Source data
Section PLS.
Variables (P : Type) (L : (P -> Prop) -> Prop).

Definition collinear (p q : P) : Prop := exists l, L l /\ l p /\ l q.

Definition is_subspace (X : P -> Prop) : Prop :=
  forall l, L l -> (exists p q, p <> q /\ l p /\ l q /\ X p /\ X q) ->
    forall r, l r -> X r.

Definition is_hyperplane (X : P -> Prop) : Prop :=
  is_subspace X /\ (exists p, ~ X p) /\ (forall l, L l -> exists p, l p /\ X p).

Definition spiky (X : P -> Prop) : Prop :=
  forall p, X p -> exists q, ~ X q /\ collinear p q.
End PLS.

Section Segre.
Variables (P1 P2 : Type) (L1 : (P1 -> Prop) -> Prop) (L2 : (P2 -> Prop) -> Prop).

Definition segre_line (l : P1 * P2 -> Prop) : Prop :=
  (exists l1 b, L1 l1 /\ forall x, l x <-> (l1 x.1 /\ x.2 = b)) \/
  (exists a l2, L2 l2 /\ forall x, l x <-> (x.1 = a /\ l2 x.2)).

Definition section1 (H : P1 * P2 -> Prop) (a : P1 * P2) : P1 -> Prop :=
  fun x => H (x, a.2).
Definition section2 (H : P1 * P2 -> Prop) (a : P1 * P2) : P2 -> Prop :=
  fun y => H (a.1, y).

Definition non_degenerate (H : P1 * P2 -> Prop) : Prop :=
  is_hyperplane segre_line H /\
  forall a, is_hyperplane L1 (section1 H a) /\ is_hyperplane L2 (section2 H a).
End Segre.

Definition Hk {K : unitRingType} {V : lmodType K} {k1 k2 : nat}
  (x : Sub V k1 * Sub V k2) : Prop :=
  exists d, (0 < d)%N /\ has_dim (fun v => sval x.1 v /\ sval x.2 v) d.

From Pilot Require Import Defs.
From HB Require Import structures.
From mathcomp Require Import all_boot all_order all_algebra zify.
From Stdlib Require Import Classical ClassicalEpsilon FunctionalExtensionality PropExtensionality ProofIrrelevance.
Set Implicit Arguments. Unset Strict Implicit. Unset Printing Implicit Defensive.
Import GRing.Theory.
Local Open Scope ring_scope.

(* Fix a subspace W of dimension n - m. The m-subspaces meeting W nontrivially
   form a hyperplane of the Grassmann space P_m(V): on a pencil H < U < B, since
   dim B + dim W > n some member of the pencil passes through a nonzero vector of
   B ∩ W; if two members meet W then so does every member; and a complement of W
   is a point outside. The sections of H_{k1,k2} at (U1, U2) are exactly these
   hyperplanes for W = U2, resp. W = U1, so H_{k1,k2} is a non-degenerate
   hyperplane of the Segre product. It is not spiky: as k1, k2 >= 2 there are
   U1, U2 whose intersection contains a plane; then every hyperplane of U1 still
   meets U2 (and symmetrically), so every point collinear with (U1, U2) lies in
   H_{k1,k2}. *)

Lemma hyperplane_eq (P : Type) (L : (P -> Prop) -> Prop) (X Y : P -> Prop) :
  (forall p, X p <-> Y p) -> is_hyperplane L X -> is_hyperplane L Y.
Proof.
move=> XY [Xsub [[p Xp] Xmeet]]; split.
  move=> l hl [a [b [ab [la [lb [Ya Yb]]]]]] r lr; apply/XY.
  by apply: (Xsub l hl) => //; exists a, b; rewrite !XY.
split; first by exists p; rewrite -XY.
by move=> l /Xmeet [q [lq Xq]]; exists q; rewrite -XY.
Qed.

Section SegreProduct.
Variables (P1 P2 : Type) (L1 : (P1 -> Prop) -> Prop) (L2 : (P2 -> Prop) -> Prop).
Variable X : P1 * P2 -> Prop.

Hypothesis sections_hyperplane : forall a,
  is_hyperplane L1 (section1 X a) /\ is_hyperplane L2 (section2 X a).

■ **Goal of the exercise**: Repeat the lines above with every word intact.

■ **Response below**:
Section PLS.
Variables (P : Type) (L : (P -> Prop) -> Prop).

Definition collinear (p q : P) : Prop := exists l, L l /\ l p /\ l q.

Definition is_subspace (X : P -> Prop) : Prop :=
  forall l, L l -> (exists p q, p <> q /\ l p /\ l q /\ X p /\ X q) ->
    forall r, l r -> X r.

Definition is_hyperplane (X : P -> Prop) : Prop :=
  is_subspace X /\ (exists p, ~ X p) /\ (forall l, L l -> exists p, l p /\ X p).

Definition spiky (X : P -> Prop) : Prop :=
  forall p, X p -> exists q, ~ X q /\ collinear p q.
End PLS.

Section Segre.
Variables (P1 P2 : Type) (L1 : (P1 -> Prop) -> Prop) (L2 : (P2 -> Prop) -> Prop).

Definition segre_line (l : P1 * P2 -> Prop) : Prop :=
  (exists l1 b, L1 l1 /\ forall x, l x <-> (l1 x.1 /\ x.2 = b)) \/
  (exists a l2, L2 l2 /\ forall x, l x <-> (x.1 = a /\ l2 x.2)).

Definition section1 (H : P1 * P2 -> Prop) (a : P1 * P2) : P1 -> Prop :=
  fun x => H (x, a.2).
Definition section2 (H : P1 * P2 -> Prop) (a : P1 * P2) : P2 -> Prop :=
  fun y => H (a.1, y).

Definition non_degenerate (H : P1 * P2 -> Prop) : Prop :=
  is_hyperplane segre_line H /\
  forall a, is_hyperplane L1 (section1 H a) /\ is_hyperplane L2 (section2 H a).
End Segre.

Definition Hk {K : unitRingType} {V : lmodType K} {k1 k2 : nat}
  (x : Sub V k1 * Sub V k2) : Prop :=
  exists d, (0 < d)%N /\ has_dim (fun v => sval x.1 v /\ sval x.2 v) d.

From Pilot Require Import Defs.
From HB Require Import structures.
From mathcomp Require Import all_boot all_order all_algebra zify.
From Stdlib Require Import Classical ClassicalEpsilon FunctionalExtensionality PropExtensionality ProofIrrelevance.
Set Implicit Arguments. Unset Strict Implicit. Unset Printing Implicit Defensive.
Import GRing.Theory.
Local Open Scope ring_scope.

(* Fix a subspace W of dimension n - m. The m-subspaces meeting W nontrivially
   form a hyperplane of the Grassmann space P_m(V): on a pencil H < U < B, since
   dim B + dim W > n some member of the pencil passes through a nonzero vector of
   B ∩ W; if two members meet W then so does every member; and a complement of W
   is a point outside. The sections of H_{k1,k2} at (U1, U2) are exactly these
   hyperplanes for W = U2, resp. W = U1, so H_{k1,k2} is a non-degenerate
   hyperplane of the Segre product. It is not spiky: as k1, k2 >= 2 there are
   U1, U2 whose intersection contains a plane; then every hyperplane of U1 still
   meets U2 (and symmetrically), so every point collinear with (U1, U2) lies in
   H_{k1,k2}. *)

Lemma hyperplane_eq (P : Type) (L : (P -> Prop) -> Prop) (X Y : P -> Prop) :
  (forall p, X p <-> Y p) -> is_hyperplane L X -> is_hyperplane L Y.
Proof.
move=> XY [Xsub [[p Xp] Xmeet]]; split.
  move=> l hl [a [b [ab [la [lb [Ya Yb]]]]]] r lr; apply/XY.
  by apply: (Xsub l hl) => //; exists a, b; rewrite !XY.
split; first by exists p; rewrite -XY.
by move=> l /Xmeet [q [lq Xq]]; exists q; rewrite -XY.
Qed.

Section SegreProduct.
Variables (P1 P2 : Type) (L1 : (P1 -> Prop) -> Prop) (L2 : (P2 -> Prop) -> Prop).
Variable X : P1 * P2 -> Prop.

Hypothesis sections_hyperplane : forall a,
  is_hyperplane L1 (section1 X a) /\ is_hyperplane L2 (section2 X a).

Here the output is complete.